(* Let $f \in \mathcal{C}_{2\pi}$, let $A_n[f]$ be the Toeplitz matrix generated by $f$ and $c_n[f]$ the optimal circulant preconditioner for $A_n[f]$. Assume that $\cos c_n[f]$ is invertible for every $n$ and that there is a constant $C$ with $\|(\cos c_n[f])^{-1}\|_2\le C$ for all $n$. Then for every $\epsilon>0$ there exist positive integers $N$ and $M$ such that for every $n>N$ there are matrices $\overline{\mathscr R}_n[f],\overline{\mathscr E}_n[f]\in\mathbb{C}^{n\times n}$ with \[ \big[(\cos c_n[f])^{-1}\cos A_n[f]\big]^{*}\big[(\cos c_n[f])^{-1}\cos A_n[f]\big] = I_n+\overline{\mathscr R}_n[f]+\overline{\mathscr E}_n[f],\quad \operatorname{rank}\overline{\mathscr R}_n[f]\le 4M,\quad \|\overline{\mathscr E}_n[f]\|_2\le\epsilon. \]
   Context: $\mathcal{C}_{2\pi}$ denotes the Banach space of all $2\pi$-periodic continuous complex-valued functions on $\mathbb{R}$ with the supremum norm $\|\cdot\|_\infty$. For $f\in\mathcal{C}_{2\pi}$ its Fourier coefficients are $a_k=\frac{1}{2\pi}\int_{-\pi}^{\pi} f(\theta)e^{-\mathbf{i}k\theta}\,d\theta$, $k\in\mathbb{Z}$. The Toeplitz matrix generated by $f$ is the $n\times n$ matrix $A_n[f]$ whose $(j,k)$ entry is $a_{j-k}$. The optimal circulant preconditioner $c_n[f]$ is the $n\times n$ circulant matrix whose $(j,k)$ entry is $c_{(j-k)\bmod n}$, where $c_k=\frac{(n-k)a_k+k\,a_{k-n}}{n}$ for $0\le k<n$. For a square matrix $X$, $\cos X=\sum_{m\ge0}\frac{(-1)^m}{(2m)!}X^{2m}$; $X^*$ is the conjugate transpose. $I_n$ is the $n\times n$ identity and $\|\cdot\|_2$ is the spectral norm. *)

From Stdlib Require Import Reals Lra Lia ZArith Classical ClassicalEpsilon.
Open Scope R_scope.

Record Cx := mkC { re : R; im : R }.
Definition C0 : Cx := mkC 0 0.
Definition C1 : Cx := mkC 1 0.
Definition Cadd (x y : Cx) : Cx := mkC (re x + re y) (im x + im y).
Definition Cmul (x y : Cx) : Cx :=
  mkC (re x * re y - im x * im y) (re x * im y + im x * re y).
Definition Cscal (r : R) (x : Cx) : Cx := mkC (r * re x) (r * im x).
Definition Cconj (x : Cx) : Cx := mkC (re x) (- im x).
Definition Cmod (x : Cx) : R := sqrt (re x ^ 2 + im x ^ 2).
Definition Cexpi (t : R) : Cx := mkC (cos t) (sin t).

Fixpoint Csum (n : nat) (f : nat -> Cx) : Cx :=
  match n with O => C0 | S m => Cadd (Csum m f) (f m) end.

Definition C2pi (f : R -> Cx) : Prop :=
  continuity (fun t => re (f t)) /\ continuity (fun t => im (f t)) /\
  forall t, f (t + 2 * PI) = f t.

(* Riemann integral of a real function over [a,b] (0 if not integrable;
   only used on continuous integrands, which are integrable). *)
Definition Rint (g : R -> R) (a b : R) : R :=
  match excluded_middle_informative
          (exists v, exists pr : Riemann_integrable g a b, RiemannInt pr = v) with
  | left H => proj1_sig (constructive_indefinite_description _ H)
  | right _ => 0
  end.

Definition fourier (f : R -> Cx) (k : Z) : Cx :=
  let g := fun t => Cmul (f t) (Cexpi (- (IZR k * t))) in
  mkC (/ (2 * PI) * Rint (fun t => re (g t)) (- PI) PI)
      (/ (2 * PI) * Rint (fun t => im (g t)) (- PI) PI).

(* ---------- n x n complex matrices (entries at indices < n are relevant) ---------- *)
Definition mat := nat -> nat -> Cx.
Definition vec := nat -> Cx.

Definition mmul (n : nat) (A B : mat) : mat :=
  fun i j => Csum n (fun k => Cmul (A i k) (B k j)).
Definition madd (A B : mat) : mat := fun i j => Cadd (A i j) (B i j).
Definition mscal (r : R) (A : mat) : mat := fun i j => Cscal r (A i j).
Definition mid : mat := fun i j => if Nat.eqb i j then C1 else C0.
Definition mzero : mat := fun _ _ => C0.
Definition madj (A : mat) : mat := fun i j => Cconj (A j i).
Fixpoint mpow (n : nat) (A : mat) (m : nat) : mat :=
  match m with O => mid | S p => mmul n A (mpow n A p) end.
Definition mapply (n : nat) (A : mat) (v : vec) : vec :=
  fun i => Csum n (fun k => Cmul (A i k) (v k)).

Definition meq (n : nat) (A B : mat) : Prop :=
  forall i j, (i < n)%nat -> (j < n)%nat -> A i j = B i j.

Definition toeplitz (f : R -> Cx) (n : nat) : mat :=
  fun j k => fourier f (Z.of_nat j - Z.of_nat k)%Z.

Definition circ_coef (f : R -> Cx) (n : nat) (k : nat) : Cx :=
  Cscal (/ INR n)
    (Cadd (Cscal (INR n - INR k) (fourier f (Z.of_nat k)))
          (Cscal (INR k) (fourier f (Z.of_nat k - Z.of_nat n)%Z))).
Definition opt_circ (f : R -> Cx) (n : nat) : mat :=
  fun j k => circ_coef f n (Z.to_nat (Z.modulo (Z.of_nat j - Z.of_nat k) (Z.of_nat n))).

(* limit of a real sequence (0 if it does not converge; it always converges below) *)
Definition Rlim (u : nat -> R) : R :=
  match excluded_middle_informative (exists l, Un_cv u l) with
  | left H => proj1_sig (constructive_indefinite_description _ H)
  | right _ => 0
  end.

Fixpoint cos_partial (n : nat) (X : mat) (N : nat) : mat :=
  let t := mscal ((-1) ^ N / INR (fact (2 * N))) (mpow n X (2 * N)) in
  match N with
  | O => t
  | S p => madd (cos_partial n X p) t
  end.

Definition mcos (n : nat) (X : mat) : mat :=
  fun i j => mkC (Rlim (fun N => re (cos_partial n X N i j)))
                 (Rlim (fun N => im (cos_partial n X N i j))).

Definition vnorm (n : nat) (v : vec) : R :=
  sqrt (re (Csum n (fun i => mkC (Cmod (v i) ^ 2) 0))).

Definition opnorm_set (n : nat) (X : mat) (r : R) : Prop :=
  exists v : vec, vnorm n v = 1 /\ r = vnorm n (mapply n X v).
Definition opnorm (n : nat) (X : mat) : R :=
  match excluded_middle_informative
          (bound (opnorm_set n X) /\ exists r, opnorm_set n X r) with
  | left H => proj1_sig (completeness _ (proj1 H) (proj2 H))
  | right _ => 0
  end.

What you should do: Whatever else the listing above holds, retype exactly only the lines from the one containing "(* Riemann integral" to the one containing "Definition madj (A", both ends kept.

Exercise output:
(* Riemann integral of a real function over [a,b] (0 if not integrable;
   only used on continuous integrands, which are integrable). *)
Definition Rint (g : R -> R) (a b : R) : R :=
  match excluded_middle_informative
          (exists v, exists pr : Riemann_integrable g a b, RiemannInt pr = v) with
  | left H => proj1_sig (constructive_indefinite_description _ H)
  | right _ => 0
  end.

Definition fourier (f : R -> Cx) (k : Z) : Cx :=
  let g := fun t => Cmul (f t) (Cexpi (- (IZR k * t))) in
  mkC (/ (2 * PI) * Rint (fun t => re (g t)) (- PI) PI)
      (/ (2 * PI) * Rint (fun t => im (g t)) (- PI) PI).

(* ---------- n x n complex matrices (entries at indices < n are relevant) ---------- *)
Definition mat := nat -> nat -> Cx.
Definition vec := nat -> Cx.

Definition mmul (n : nat) (A B : mat) : mat :=
  fun i j => Csum n (fun k => Cmul (A i k) (B k j)).
Definition madd (A B : mat) : mat := fun i j => Cadd (A i j) (B i j).
Definition mscal (r : R) (A : mat) : mat := fun i j => Cscal r (A i j).
Definition mid : mat := fun i j => if Nat.eqb i j then C1 else C0.
Definition mzero : mat := fun _ _ => C0.
Definition madj (A : mat) : mat := fun i j => Cconj (A j i).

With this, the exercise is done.